Golden Gater Online

Golden Gater Online

[ Golden Gater Online November 7, 1995 ]Prop O is a 'dyslexic's nightmare'

Prop O is a 'dyslexic's nightmare'

Golden Gater Onlineby Keith Brown

There has never been a better indictment of the abysmal state of American politics this side of the Nixon debacle than San Francisco's Proposition O.

Pick a street corner anywhere in the city. Any one. Bright orange placards read "NO ON O." Must be a dyslexic's nightmare.

Here's the deal: for 145 years, the three miles of pavement that span from the 101 freeway to Noe Valley was called Army Street. Then, the SF Board of Supervisors, wont to show their purported "cultural sensitivity," officially changed the name of the pavement to Cesar Chavez Street.

Symbolic? Yes. Does it mean anything? No.

Now, Prop. O would reverse the name change. And it seems to have become the most heated battle in the whole election.

Symbolic? Yes. Does it mean anything? No.

Cesar Chavez was a great man who was hated for doing great things by the same type of people who now give pavement his namesake. But he's dead. He doesn't pose much of a threat to the establishment any more. That makes him a perfect political symbol.

Symbols don't hold rallies. Symbols don't smash windows. Symbols don't pressure anyone to do anything. They're ornaments, accouterments, window dressing; bright, shiny things that sway the attention from the rotting underbelly that surround it.

Cesar(my) Chavez Street, no matter what it's called, will still run through the most grossly under funded, woefully neglected and roundly ignored area of San Francisco: Hunter's Point. Ask the people who live in the Potrero Hill projects what they think about the name change and I think you'll get the real point of this whole debate: it just doesn't matter.

Or, take a drive on Oakland's Martin Luther King Jr. Drive, stop anywhere around, say, 34th Street and ask anyone there if MLK Jr. Drive has imbued them with a staggering sense of cultural pride as they stand in line for food stamps.

The Supervisors, insidious as they are, are no fools. Changing the name of the pavement gives minorities the illusion the city cares about them without actually having to do anything to improve their lives. They're lying to you, again. They don't care about you now and they never have.

Even if Chavez were alive, does anyone honestly think he would give a shit if a bunch of white people named a street after him? Was this what his life's work was about?

And let's just not loose sight of what we're talking about here: it's pavement. Once, it was dirt. Now it's pavement. You drive on it. And for many people, driving on that particular pavement means driving fast to get away from that "undesirable" area and into cozy, safe, white Noe Valley. No name is going to change that.

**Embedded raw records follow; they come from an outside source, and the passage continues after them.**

Definition bounded (u : nat -> X) := exists M, forall n, vnorm (u n) <= M.

Lemma conv_subseq u l phi : conv u l -> increasing phi -> conv (fun n => u (phi n)) l.
Proof.
  intros H Hphi eps He. apply (eventually_subseq (fun n => vnorm (vsub (u n) l) < eps)); auto.
Qed.

Lemma conv_unique u l l' : conv u l -> conv u l' -> l = l'.
Proof.
  intros H H'. apply vsub_eq0, vnorm_eq0.
  apply Rle_antisym; [|apply vnorm_ge0]. apply Rnot_lt_le; intro Hlt.
  set (e := vnorm (vsub l l')) in *.
  destruct (H (e / 2) ltac:(lra)) as [N1 H1]. destruct (H' (e / 2) ltac:(lra)) as [N2 H2].
  specialize (H1 (max N1 N2) ltac:(lia)). specialize (H2 (max N1 N2) ltac:(lia)).
  pose proof (vnorm_sub_triangle l (u (max N1 N2)) l').
  rewrite (vnorm_sub_sym l (u _)) in H0. fold e in H0. lra.
Qed.

Lemma conv_scal_add y a alpha (b : X) z zeta :
  (forall n, y n = vadd (vscal (a n) b) (z n)) -> scvg k a alpha -> conv z zeta ->
  conv y (vadd (vscal alpha b) zeta).
Proof.
  intros Hy Ha Hz eps He. pose proof (vnorm_ge0 b).
  destruct (Ha (eps / 2 / (vnorm b + 1))) as [N1 HN1]; [apply Rdiv_lt_0_compat; lra|].
  destruct (Hz (eps / 2) ltac:(lra)) as [N2 HN2].
  exists (max N1 N2). intros n Hn. specialize (HN1 n ltac:(lia)). specialize (HN2 n ltac:(lia)).
  rewrite Hy, vsub_add_add.
  eapply Rle_lt_trans; [apply vnorm_triangle|]. rewrite vsub_scal, vnorm_scal.
  set (s := s_abs k (s_add k (a n) (s_neg k alpha))) in *.
  assert (s * vnorm b <= s * (vnorm b + 1)) by (apply Rmult_le_compat_l; [apply s_abs_ge0 | lra]).
  assert (s * (vnorm b + 1) < eps / 2).
  { apply Rmult_lt_reg_r with (/ (vnorm b + 1)); [apply Rinv_0_lt_compat; lra|].
    rewrite Rmult_assoc, Rinv_r; lra. }
  lra.
Qed.

End Sequences.

Section Span.
Context {k : field_kind} {X : NormedSpace k}.
Implicit Types (L : list X) (x y z b : X).

Definition inspan L y :=
  exists cs : list (scalar k * X), (forall p, In p cs -> In (snd p) L) /\ y = lin_comb cs.

Lemma inspan_nil y : inspan nil y -> y = vzero X.
Proof. intros [[|p cs] [H1 H2]]; [auto | exfalso; apply (H1 p); simpl; auto]. Qed.

Lemma inspan_0 L : inspan L (vzero X).
Proof. exists nil; split; simpl; tauto. Qed.

Lemma inspan_add L x y : inspan L x -> inspan L y -> inspan L (vadd x y).
Proof.
  intros [c1 [H1 ->]] [c2 [H2 ->]]. exists (c1 ++ c2). split.
  - intros p Hp. apply in_app_or in Hp. destruct Hp; auto.
  - clear H1. induction c1 as [|[a v] c1 IH]; simpl; [rewrite vadd_0; auto|].
    rewrite <- IH. symmetry; apply vadd_assoc.
Qed.

Lemma inspan_scal L a x : inspan L x -> inspan L (vscal a x).
Proof.
  intros [c [H ->]]. exists (map (fun p => (s_mul k a (fst p), snd p)) c). split.
  - intros p Hp. apply in_map_iff in Hp. destruct Hp as [q [<- Hq]]. simpl; auto.
  - clear H. induction c as [|[b v] c IH]; simpl; [apply vscal_vzero|].
    rewrite vscal_distr_v, vscal_assoc, IH. reflexivity.
Qed.

Lemma inspan_in L b : In b L -> inspan L b.
Proof.
  intro H. exists ((s_one k, b) :: nil). split.
  - intros p [<-|[]]. simpl; auto.
  - simpl. rewrite vscal_1, vadd_0r. reflexivity.
Qed.

Lemma inspan_cons L b a z : inspan L z -> inspan (b :: L) (vadd (vscal a b) z).
Proof.
  intros [c [H ->]]. exists ((a, b) :: c). split; [|reflexivity].
  intros p [<-|Hp]; simpl; auto.
Qed.

Lemma inspan_weaken L b y : inspan L y -> inspan (b :: L) y.
Proof. intros [c [H ->]]. exists c; split; [intros p Hp; simpl; auto | reflexivity]. Qed.

Lemma inspan_consP L b y :
  inspan (b :: L) y -> exists a z, inspan L z /\ y = vadd (vscal a b) z.
Proof.
  intros [c [H ->]]. induction c as [|[a v] c IH]; simpl.
  - exists (s_zero k), (vzero X). split; [apply inspan_0 | rewrite vscal_0, vadd_0; auto].
  - destruct IH as [a' [z [Hz ->]]]; [intros p Hp; apply H; simpl; auto|].
    destruct (H (a, v) (or_introl eq_refl)) as [Hv|Hv]; simpl in Hv; [subst v|].
    + exists (s_add k a a'), z. split; auto. rewrite vadd_assoc, vscal_distr_s. reflexivity.
    + exists a', (vadd (vscal a v) z). split.
      * apply inspan_add; auto. apply inspan_scal, inspan_in; auto.
      * rewrite !vadd_assoc, (vadd_comm _ X (vscal a v)). reflexivity.
Qed.

Lemma inspan_cons_absorb L b y : inspan L b -> inspan (b :: L) y -> inspan L y.
Proof.
  intros Hb Hy. destruct (inspan_consP L b y Hy) as [a [z [Hz ->]]].
  apply inspan_add; [apply inspan_scal|]; auto.
Qed.

Lemma vnorm_scal_add_ge L b d a z :
  (forall w, inspan L w -> d <= vnorm (vsub b w)) -> inspan L z ->
  s_abs k a * d <= vnorm (vadd (vscal a b) z).
Proof.
  intros Hsep Hz. destruct (classic (a = s_zero k)) as [->|Ha].
  - rewrite s_abs_0, Rmult_0_l. apply vnorm_ge0.
  - destruct (s_inv_spec k a Ha) as [Hm Hc]. set (c := s_inv k a) in *.
    assert (E : vscal c (vadd (vscal a b) z) = vsub b (vscal (s_neg k c) z)).
    { unfold vsub. rewrite vscal_neg, vopp_opp, vscal_distr_v, vscal_assoc, Hm, vscal_1.
      reflexivity. }
    pose proof (Hsep _ (inspan_scal L (s_neg k c) z Hz)) as H.
    rewrite <- E, vnorm_scal in H.
    apply Rmult_le_compat_l with (r := s_abs k a) in H; [|apply s_abs_ge0].
    rewrite <- Rmult_assoc, (Rmult_comm (s_abs k a) (s_abs k c)), Hc, Rmult_1_l in H.
    exact H.
Qed.

Definition span_BW L := forall y : nat -> X, (forall n, inspan L (y n)) -> bounded y ->
  exists phi, increasing phi /\ exists l, inspan L l /\ conv (fun n => y (phi n)) l.

Lemma span_BW_nil : span_BW nil.
Proof.
  intros y Hy _. exists (fun n => n). split; [intro n; lia|].
  exists (vzero X). split; [apply inspan_0|].
  intros eps He. exists O. intros n _. rewrite (inspan_nil _ (Hy n)). unfold vsub.
  rewrite vadd_opp, vnorm_0; auto.
Qed.

Lemma span_BW_closed L (w : nat -> X) b : span_BW L ->
  (forall n, inspan L (w n)) -> bounded w -> conv w b -> inspan L b.
Proof.
  intros HBW Hw Hbd Hconv. destruct (HBW w Hw Hbd) as [phi [Hphi [l [Hl Hl']]]].
  rewrite (conv_unique _ _ _ (conv_subseq w b phi Hconv Hphi) Hl'). exact Hl.
Qed.

Lemma span_BW_cons_adherent L b : span_BW L ->
  (forall d, 0 < d -> exists z, inspan L z /\ vnorm (vsub b z) < d) -> span_BW (b :: L).
Proof.
  intros HBW Had.
  assert (Hb : inspan L b).
  { destruct (choice (fun n z => inspan L z /\ vnorm (vsub b z) < / (INR n + 1))) as [w Hw].
    { intro n. apply Had. apply Rinv_0_lt_compat. pose proof (pos_INR n). lra. }
    apply (span_BW_closed L w b HBW); [apply Hw| |].
    - exists (vnorm b + 1). intro n. destruct (Hw n) as [_ Hwn].
      pose proof (vnorm_le_sub (w n) b). rewrite vnorm_sub_sym in H.
      assert (/ (INR n + 1) <= 1).
      { rewrite <- Rinv_1. apply Rinv_le_contravar; [lra|]. pose proof (pos_INR n); lra. }
      lra.
    - intros eps He. destruct (eventually_inv_lt eps He) as [N HN]. exists N. intros n Hn.
      rewrite vnorm_sub_sym. eapply Rlt_trans; [apply Hw | apply HN; exact Hn]. }
  intros y Hy Hbd. destruct (HBW y) as [phi [Hphi [l [Hl Hconv]]]]; auto.
  - intro n. apply (inspan_cons_absorb L b); auto.
  - exists phi; split; auto. exists l; split; auto. apply inspan_weaken; auto.
Qed.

But what's most interesting about the whole Prop. O debate is what it says about SF politics. If the state of politics in this once feisty city have plunged to such depths that the only thing that can raise the ire of its citizens is the name of pavement, something has gone desperately awry.

Stay home. Don't vote. There is obviously nothing worth voting for. Prop. O only proves that there is nothing that will quantitatively change anything, for anyone. Republican, Democrat, Independent, Martyr -- what is it really going to matter?